Lemma indep_leq_rank {I X : {set E}} : I \subset X -> indep I -> (#|I| <= rk X)%N.
Proof.
by move=> sIX iI; apply: (leq_bigmax_cond (F := fun J : {set E} => #|J|) I); rewrite sIX.
Qed.

Lemma rank_witness (X : {set E}) :
  exists I : {set E}, [/\ I \subset X, indep I & #|I| = rk X].
Proof.
have X0 : (0 < #|[pred J : {set E} | (J \subset X) && indep J]|)%N.
  by apply/card_gt0P; exists set0; rewrite inE sub0set indep0.
have [I] := eq_bigmax_cond (fun J : {set E} => #|J|) X0.
by rewrite inE => /andP[sIX iI] eqI; exists I.
Qed.

Lemma rank_leq_card (X : {set E}) : (rk X <= #|X|)%N.
Proof. by apply/bigmax_leqP => I /andP[sIX _]; apply: subset_leq_card. Qed.

Lemma indep_rankE (X : {set E}) : indep X = (rk X == #|X|).
Proof.
apply/idP/eqP => [iX | rX].
  by apply/eqP; rewrite eqn_leq rank_leq_card indep_leq_rank.
have [I [sIX iI cI]] := rank_witness X.
suff -> : X = I by [].
by apply/eqP; rewrite eq_sym eqEcard sIX cI rX /=.
Qed.

Lemma rankS {X Y : {set E}} : X \subset Y -> (rk X <= rk Y)%N.
Proof.
move=> sXY; have [I [sIX iI <-]] := rank_witness X.
exact/indep_leq_rank/iI/(subset_trans sIX).
Qed.

Lemma rankU1 (x : E) (X : {set E}) : (rk (x |: X) <= (rk X).+1)%N.
Proof.
have [I [sI iI <-]] := rank_witness (x |: X).
have : (#|I :\ x| <= rk X)%N.
  apply: indep_leq_rank; last exact: indepS (subsetDl _ _) iI.
  by rewrite subDset.
by have := cardsD1 x I; lia.
Qed.

Lemma rank_extend {I X : {set E}} : I \subset X -> indep I ->
  exists J : {set E}, [/\ I \subset J, J \subset X, indep J & #|J| = rk X].
Proof.
move=> sIX iI.
pose P (J : {set E}) := [&& I \subset J, J \subset X & indep J].
have PI : P I by rewrite /P subxx sIX iI.
case: (arg_maxnP (fun J : {set E} => #|J|) PI) => J /and3P[sIJ sJX iJ] Jmax.
exists J; split=> //; apply/eqP; rewrite eqn_leq indep_leq_rank //=.
have [W [sWX iW <-]] := rank_witness X; rewrite leqNgt; apply/negP => ltJW.
have [y /setDP[yW yJ] iyJ] := indep_augment iJ iW ltJW.
have /Jmax : P (y |: J).
  by rewrite /P iyJ subUset sub1set (subsetP sWX) // sJX andbT (subset_trans sIJ) ?subsetUr.
by rewrite cardsU1 yJ; lia.
Qed.

Lemma rank0 : rk set0 = 0%N.
Proof. by apply/eqP; rewrite -leqn0 -(cards0 E) rank_leq_card. Qed.

Lemma mindep00 (X : {set E}) : mindep indep set0 set0 X = indep X.
Proof.
by rewrite /mindep /mground /mrank !setU0 setC0 subsetT rank0 subn0 indep_rankE.
Qed.

Lemma mbasis00P (B : {set E}) :
  mbasis indep set0 set0 B <-> indep B /\ forall x, x \notin B -> ~~ indep (x |: B).
Proof.
rewrite /mbasis mindep00; split=> [/andP[iB /forallP Bmax] | [iB Bmax]].
  by split=> // x xB; have := Bmax x; rewrite mindep00 /mground !inE xB; apply.
by rewrite iB; apply/forallP => x; apply/implyP => /setDP[_ xB]; rewrite mindep00 Bmax.
Qed.

Lemma mbasis00_card (B X : {set E}) : mbasis indep set0 set0 B ->
  indep X -> #|X| = #|B| -> mbasis indep set0 set0 X.
Proof.
move=> /mbasis00P[iB Bmax] iX cX; apply/mbasis00P; split=> // x xX.
apply/negP => ixX.
have ltBX : (#|B| < #|x |: X|)%N by rewrite cardsU1 xX cX.
have [y /setDP[_ yB] iyB] := indep_augment iB ixX ltBX.
by move: (Bmax y yB); rewrite iyB.
Qed.

Lemma mcircuit_rankD1 {D K C : {set E}} {e : E} : mcircuit indep D K C -> e \in C ->
  rk (C :|: K) = rk ((C :\ e) :|: K).
Proof.
move=> /and3P[sC]; rewrite /mindep /mrank sC /= => /eqP C_dep /forallP/(_ e) + eC.
rewrite eC /= => /andP[_ /eqP Ce_indep].
have CK : C :|: K = e |: ((C :\ e) :|: K) by rewrite setUA setD1K.
have := rankS (subsetUr (C :\ e) K); have := rankU1 e ((C :\ e) :|: K).
have := rankS (subsetUr [set e] ((C :\ e) :|: K)).
have := cardsD1 e C; rewrite -CK eC; lia.
Qed.

Lemma mbasis00_exchange {D K B C : {set E}} {e : E} :
  mbasis indep set0 set0 B -> K \subset B -> mcircuit indep D K C -> e \in C -> e \in B ->
  exists2 f, f \in C :\: B & mbasis indep set0 set0 (f |: (B :\ e)).
Proof.
move=> bB sKB cC eC eB; have [iB _] := (mbasis00P B).1 bB.
have eK : e \notin K.
  by case/and3P: cC => /subsetP/(_ e eC); rewrite !inE negb_or => /andP[].
set Z := (C :\ e) :|: K.
have eZ : e \notin Z by rewrite !inE eqxx (negbTE eK).
have CK : C :|: K = e |: Z by rewrite setUA setD1K.
have [I [sIZ iI cI]] := rank_witness Z.
have sIBC : I \subset B :|: C.
  rewrite (subset_trans sIZ) // subUset (subset_trans (subsetDl C [set e])) ?subsetUr //.
  by rewrite (subset_trans sKB) ?subsetUl.
have [J [sIJ sJBC iJ cJ]] := rank_extend sIBC iI.
have eJ : e \notin J.
  apply/negP => eJ.
  have eI : e \notin I by apply: contra eZ; apply/subsetP.
  have sIJe : e |: I \subset J by rewrite subUset sub1set eJ.
  have := indep_leq_rank (setUS [set e] sIZ) (indepS sIJe iJ).
  by rewrite -CK (mcircuit_rankD1 cC eC) -/Z -cI cardsU1 eI ltnn.
have ltBeJ : (#|B :\ e| < #|J|)%N.
  rewrite cJ (leq_trans _ (indep_leq_rank (subsetUl B C) iB)) //.
  by rewrite [X in (_ < X)%N](cardsD1 e B) eB.
have [f /setDP[fJ fBe] ifB] := indep_augment (indepS (subsetDl B [set e]) iB) iJ ltBeJ.
have fe : f != e by apply: contraNneq eJ => <-.
have fB : f \notin B by move: fBe; rewrite !inE fe.
exists f; first by have := subsetP sJBC f fJ; rewrite !inE fB (negbTE fB).
apply: mbasis00_card bB ifB _.
by rewrite cardsU1 fBe (cardsD1 e B) eB.
Qed.
End Matroid.

Lemma disjointsU1 (T : finType) (x : T) (A B : {set T}) :
  [disjoint x |: A & B] = (x \notin B) && [disjoint A & B].
Proof. by rewrite !disjoints_subset subUset sub1set inE. Qed.

Local Open Scope ring_scope.

Lemma big_exchange (T : finType) (V : zmodType) (F : T -> V) (B : {set T}) (e f : T) :
  e \in B -> f \notin B ->
  \sum_(x in f |: (B :\ e)) F x = \sum_(x in B) F x - F e + F f.
Proof.
move=> eB fB; rewrite big_setU1 ?(big_setD1 e eB) /=; last by rewrite !inE (negbTE fB) andbF.
by rewrite addrC [F e + _]addrC addrK.
Qed.

Section Uncertainty.
Context {R : realType} {E : finType} {M : umatroid R E}.
Local Notation basis := (mbasis (uindep M) set0 set0).

Lemma mwb_exchange_le {ws : E -> R} {B : {set E}} {e f : E} :
  mwb M ws B -> e \in B -> f \notin B -> basis (f |: (B :\ e)) -> ws e <= ws f.
Proof.
move=> [_ Bmin] eB fB bB'; have := Bmin _ bB'.
by rewrite big_exchange // -addrA lerDl addrC subr_ge0.
Qed.

Lemma mwb_exchange {ws : E -> R} {B : {set E}} {e f : E} :
  mwb M ws B -> e \in B -> f \notin B -> basis (f |: (B :\ e)) -> ws f = ws e ->
  mwb M ws (f |: (B :\ e)).
Proof.
move=> [_ Bmin] eB fB bB' wfe; split=> // B'' bB''.
by rewrite big_exchange // wfe subrK; apply: Bmin.
Qed.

HOW TO COMPLETE THIS TASK
Give the lines again, exactly as they stand, from the beginning of the data through the line with "by apply/card_gt0P; exists".

TASK RESPONSE
Lemma indep_leq_rank {I X : {set E}} : I \subset X -> indep I -> (#|I| <= rk X)%N.
Proof.
by move=> sIX iI; apply: (leq_bigmax_cond (F := fun J : {set E} => #|J|) I); rewrite sIX.
Qed.

Lemma rank_witness (X : {set E}) :
  exists I : {set E}, [/\ I \subset X, indep I & #|I| = rk X].
Proof.
have X0 : (0 < #|[pred J : {set E} | (J \subset X) && indep J]|)%N.
  by apply/card_gt0P; exists set0; rewrite inE sub0set indep0.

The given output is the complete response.